● **What is being asked**
Hunt through the entries for the word "intros" and copy each line in which it appears.

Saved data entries
[Start of Attachment]

Theorem proposition5p5 (G : Group) (G0 G1 H : G -> Prop) :
  is_amalgam G G0 G1 H ->
  nondegenerate G G0 G1 H ->
  trivial_kernel G H ->
  weak_star_Powers G.
Proof.
  intros amalgam nondeg TK. apply weak_star_Powers_of_weak_powers_at.
  intros f nf k _. exact (nondegenerate_weak_powers_at G G0 G1 H amalgam k f nondeg TK nf).
Qed.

[End of Attachment]

● **Expected answer**
  intros amalgam nondeg TK. apply weak_star_Powers_of_weak_powers_at.
  intros f nf k _. exact (nondegenerate_weak_powers_at G G0 G1 H amalgam k f nondeg TK nf).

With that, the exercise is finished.